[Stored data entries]

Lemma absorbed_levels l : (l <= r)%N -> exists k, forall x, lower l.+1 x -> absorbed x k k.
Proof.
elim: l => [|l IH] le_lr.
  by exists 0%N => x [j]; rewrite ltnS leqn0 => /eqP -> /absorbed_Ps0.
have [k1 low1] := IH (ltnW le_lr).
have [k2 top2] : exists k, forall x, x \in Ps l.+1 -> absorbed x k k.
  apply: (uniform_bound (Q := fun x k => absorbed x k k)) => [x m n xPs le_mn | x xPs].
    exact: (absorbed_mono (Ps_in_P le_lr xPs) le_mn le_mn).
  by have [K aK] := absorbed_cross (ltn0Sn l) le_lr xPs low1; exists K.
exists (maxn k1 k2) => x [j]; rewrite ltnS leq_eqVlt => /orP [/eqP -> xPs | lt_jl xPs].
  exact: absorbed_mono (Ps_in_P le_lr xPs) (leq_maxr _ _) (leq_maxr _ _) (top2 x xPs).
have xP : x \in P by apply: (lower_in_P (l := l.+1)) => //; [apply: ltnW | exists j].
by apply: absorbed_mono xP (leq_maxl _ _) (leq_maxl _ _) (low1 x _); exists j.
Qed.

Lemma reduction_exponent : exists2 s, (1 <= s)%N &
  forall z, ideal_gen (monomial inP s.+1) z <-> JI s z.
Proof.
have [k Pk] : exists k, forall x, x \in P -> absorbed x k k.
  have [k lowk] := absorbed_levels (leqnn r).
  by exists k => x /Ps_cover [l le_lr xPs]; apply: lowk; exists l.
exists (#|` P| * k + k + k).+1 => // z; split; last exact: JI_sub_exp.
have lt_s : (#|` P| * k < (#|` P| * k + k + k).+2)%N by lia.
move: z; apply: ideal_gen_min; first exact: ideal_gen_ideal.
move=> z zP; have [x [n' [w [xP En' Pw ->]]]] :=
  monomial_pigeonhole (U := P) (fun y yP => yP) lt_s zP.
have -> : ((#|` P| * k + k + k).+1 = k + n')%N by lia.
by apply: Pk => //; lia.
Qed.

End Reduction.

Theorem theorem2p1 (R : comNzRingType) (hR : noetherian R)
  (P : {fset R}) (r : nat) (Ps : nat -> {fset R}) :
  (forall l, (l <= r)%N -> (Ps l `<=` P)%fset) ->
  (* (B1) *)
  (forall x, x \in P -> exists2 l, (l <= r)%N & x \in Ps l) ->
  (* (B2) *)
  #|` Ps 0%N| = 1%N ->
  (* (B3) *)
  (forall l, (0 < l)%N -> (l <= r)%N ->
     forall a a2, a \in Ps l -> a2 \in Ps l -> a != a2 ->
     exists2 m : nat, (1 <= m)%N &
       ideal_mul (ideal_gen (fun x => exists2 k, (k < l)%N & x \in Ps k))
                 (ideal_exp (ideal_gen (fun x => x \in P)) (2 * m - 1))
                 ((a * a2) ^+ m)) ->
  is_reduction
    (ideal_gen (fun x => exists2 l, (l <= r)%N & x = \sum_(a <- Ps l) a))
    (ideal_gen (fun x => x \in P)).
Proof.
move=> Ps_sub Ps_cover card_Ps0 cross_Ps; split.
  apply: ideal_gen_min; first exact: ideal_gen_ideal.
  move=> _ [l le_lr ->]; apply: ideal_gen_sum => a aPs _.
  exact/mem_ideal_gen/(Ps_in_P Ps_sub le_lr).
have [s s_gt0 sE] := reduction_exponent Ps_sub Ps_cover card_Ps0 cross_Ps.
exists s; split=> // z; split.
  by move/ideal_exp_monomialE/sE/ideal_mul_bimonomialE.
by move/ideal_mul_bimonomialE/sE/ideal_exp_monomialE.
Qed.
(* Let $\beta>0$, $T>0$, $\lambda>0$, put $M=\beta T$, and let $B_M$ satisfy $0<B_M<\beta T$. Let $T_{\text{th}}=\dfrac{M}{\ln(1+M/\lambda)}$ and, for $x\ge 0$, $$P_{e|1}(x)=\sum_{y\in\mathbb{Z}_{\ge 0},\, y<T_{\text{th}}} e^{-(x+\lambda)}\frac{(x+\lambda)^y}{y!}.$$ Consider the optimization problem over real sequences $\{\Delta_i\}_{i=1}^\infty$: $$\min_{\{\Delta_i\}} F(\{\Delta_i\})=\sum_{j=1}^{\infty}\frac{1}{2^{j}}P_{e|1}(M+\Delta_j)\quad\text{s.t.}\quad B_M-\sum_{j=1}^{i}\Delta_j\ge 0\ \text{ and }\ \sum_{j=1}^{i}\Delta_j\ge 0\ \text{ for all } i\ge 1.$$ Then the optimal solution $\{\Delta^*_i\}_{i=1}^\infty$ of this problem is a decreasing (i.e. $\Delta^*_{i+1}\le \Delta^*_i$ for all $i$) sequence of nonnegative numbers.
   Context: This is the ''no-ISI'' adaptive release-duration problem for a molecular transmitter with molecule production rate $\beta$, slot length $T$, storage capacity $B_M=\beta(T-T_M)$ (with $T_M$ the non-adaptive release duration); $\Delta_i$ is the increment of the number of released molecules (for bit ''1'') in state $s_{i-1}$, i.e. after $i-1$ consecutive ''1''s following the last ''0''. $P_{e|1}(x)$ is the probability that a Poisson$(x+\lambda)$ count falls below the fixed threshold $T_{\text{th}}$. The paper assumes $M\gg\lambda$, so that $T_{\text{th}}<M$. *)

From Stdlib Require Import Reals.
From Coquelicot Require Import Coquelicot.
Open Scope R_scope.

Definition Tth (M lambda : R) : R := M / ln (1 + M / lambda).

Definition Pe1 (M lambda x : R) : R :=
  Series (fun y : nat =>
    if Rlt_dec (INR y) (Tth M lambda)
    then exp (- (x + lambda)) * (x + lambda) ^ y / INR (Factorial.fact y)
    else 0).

◆ What is required
Please repeat the data above verbatim, all of it.

◆ Exercise output
Lemma absorbed_levels l : (l <= r)%N -> exists k, forall x, lower l.+1 x -> absorbed x k k.
Proof.
elim: l => [|l IH] le_lr.
  by exists 0%N => x [j]; rewrite ltnS leqn0 => /eqP -> /absorbed_Ps0.
have [k1 low1] := IH (ltnW le_lr).
have [k2 top2] : exists k, forall x, x \in Ps l.+1 -> absorbed x k k.
  apply: (uniform_bound (Q := fun x k => absorbed x k k)) => [x m n xPs le_mn | x xPs].
    exact: (absorbed_mono (Ps_in_P le_lr xPs) le_mn le_mn).
  by have [K aK] := absorbed_cross (ltn0Sn l) le_lr xPs low1; exists K.
exists (maxn k1 k2) => x [j]; rewrite ltnS leq_eqVlt => /orP [/eqP -> xPs | lt_jl xPs].
  exact: absorbed_mono (Ps_in_P le_lr xPs) (leq_maxr _ _) (leq_maxr _ _) (top2 x xPs).
have xP : x \in P by apply: (lower_in_P (l := l.+1)) => //; [apply: ltnW | exists j].
by apply: absorbed_mono xP (leq_maxl _ _) (leq_maxl _ _) (low1 x _); exists j.
Qed.

Lemma reduction_exponent : exists2 s, (1 <= s)%N &
  forall z, ideal_gen (monomial inP s.+1) z <-> JI s z.
Proof.
have [k Pk] : exists k, forall x, x \in P -> absorbed x k k.
  have [k lowk] := absorbed_levels (leqnn r).
  by exists k => x /Ps_cover [l le_lr xPs]; apply: lowk; exists l.
exists (#|` P| * k + k + k).+1 => // z; split; last exact: JI_sub_exp.
have lt_s : (#|` P| * k < (#|` P| * k + k + k).+2)%N by lia.
move: z; apply: ideal_gen_min; first exact: ideal_gen_ideal.
move=> z zP; have [x [n' [w [xP En' Pw ->]]]] :=
  monomial_pigeonhole (U := P) (fun y yP => yP) lt_s zP.
have -> : ((#|` P| * k + k + k).+1 = k + n')%N by lia.
by apply: Pk => //; lia.
Qed.

End Reduction.

Theorem theorem2p1 (R : comNzRingType) (hR : noetherian R)
  (P : {fset R}) (r : nat) (Ps : nat -> {fset R}) :
  (forall l, (l <= r)%N -> (Ps l `<=` P)%fset) ->
  (* (B1) *)
  (forall x, x \in P -> exists2 l, (l <= r)%N & x \in Ps l) ->
  (* (B2) *)
  #|` Ps 0%N| = 1%N ->
  (* (B3) *)
  (forall l, (0 < l)%N -> (l <= r)%N ->
     forall a a2, a \in Ps l -> a2 \in Ps l -> a != a2 ->
     exists2 m : nat, (1 <= m)%N &
       ideal_mul (ideal_gen (fun x => exists2 k, (k < l)%N & x \in Ps k))
                 (ideal_exp (ideal_gen (fun x => x \in P)) (2 * m - 1))
                 ((a * a2) ^+ m)) ->
  is_reduction
    (ideal_gen (fun x => exists2 l, (l <= r)%N & x = \sum_(a <- Ps l) a))
    (ideal_gen (fun x => x \in P)).
Proof.
move=> Ps_sub Ps_cover card_Ps0 cross_Ps; split.
  apply: ideal_gen_min; first exact: ideal_gen_ideal.
  move=> _ [l le_lr ->]; apply: ideal_gen_sum => a aPs _.
  exact/mem_ideal_gen/(Ps_in_P Ps_sub le_lr).
have [s s_gt0 sE] := reduction_exponent Ps_sub Ps_cover card_Ps0 cross_Ps.
exists s; split=> // z; split.
  by move/ideal_exp_monomialE/sE/ideal_mul_bimonomialE.
by move/ideal_mul_bimonomialE/sE/ideal_exp_monomialE.
Qed.
(* Let $\beta>0$, $T>0$, $\lambda>0$, put $M=\beta T$, and let $B_M$ satisfy $0<B_M<\beta T$. Let $T_{\text{th}}=\dfrac{M}{\ln(1+M/\lambda)}$ and, for $x\ge 0$, $$P_{e|1}(x)=\sum_{y\in\mathbb{Z}_{\ge 0},\, y<T_{\text{th}}} e^{-(x+\lambda)}\frac{(x+\lambda)^y}{y!}.$$ Consider the optimization problem over real sequences $\{\Delta_i\}_{i=1}^\infty$: $$\min_{\{\Delta_i\}} F(\{\Delta_i\})=\sum_{j=1}^{\infty}\frac{1}{2^{j}}P_{e|1}(M+\Delta_j)\quad\text{s.t.}\quad B_M-\sum_{j=1}^{i}\Delta_j\ge 0\ \text{ and }\ \sum_{j=1}^{i}\Delta_j\ge 0\ \text{ for all } i\ge 1.$$ Then the optimal solution $\{\Delta^*_i\}_{i=1}^\infty$ of this problem is a decreasing (i.e. $\Delta^*_{i+1}\le \Delta^*_i$ for all $i$) sequence of nonnegative numbers.
   Context: This is the ''no-ISI'' adaptive release-duration problem for a molecular transmitter with molecule production rate $\beta$, slot length $T$, storage capacity $B_M=\beta(T-T_M)$ (with $T_M$ the non-adaptive release duration); $\Delta_i$ is the increment of the number of released molecules (for bit ''1'') in state $s_{i-1}$, i.e. after $i-1$ consecutive ''1''s following the last ''0''. $P_{e|1}(x)$ is the probability that a Poisson$(x+\lambda)$ count falls below the fixed threshold $T_{\text{th}}$. The paper assumes $M\gg\lambda$, so that $T_{\text{th}}<M$. *)

From Stdlib Require Import Reals.
From Coquelicot Require Import Coquelicot.
Open Scope R_scope.

Definition Tth (M lambda : R) : R := M / ln (1 + M / lambda).

Definition Pe1 (M lambda x : R) : R :=
  Series (fun y : nat =>
    if Rlt_dec (INR y) (Tth M lambda)
    then exp (- (x + lambda)) * (x + lambda) ^ y / INR (Factorial.fact y)
    else 0).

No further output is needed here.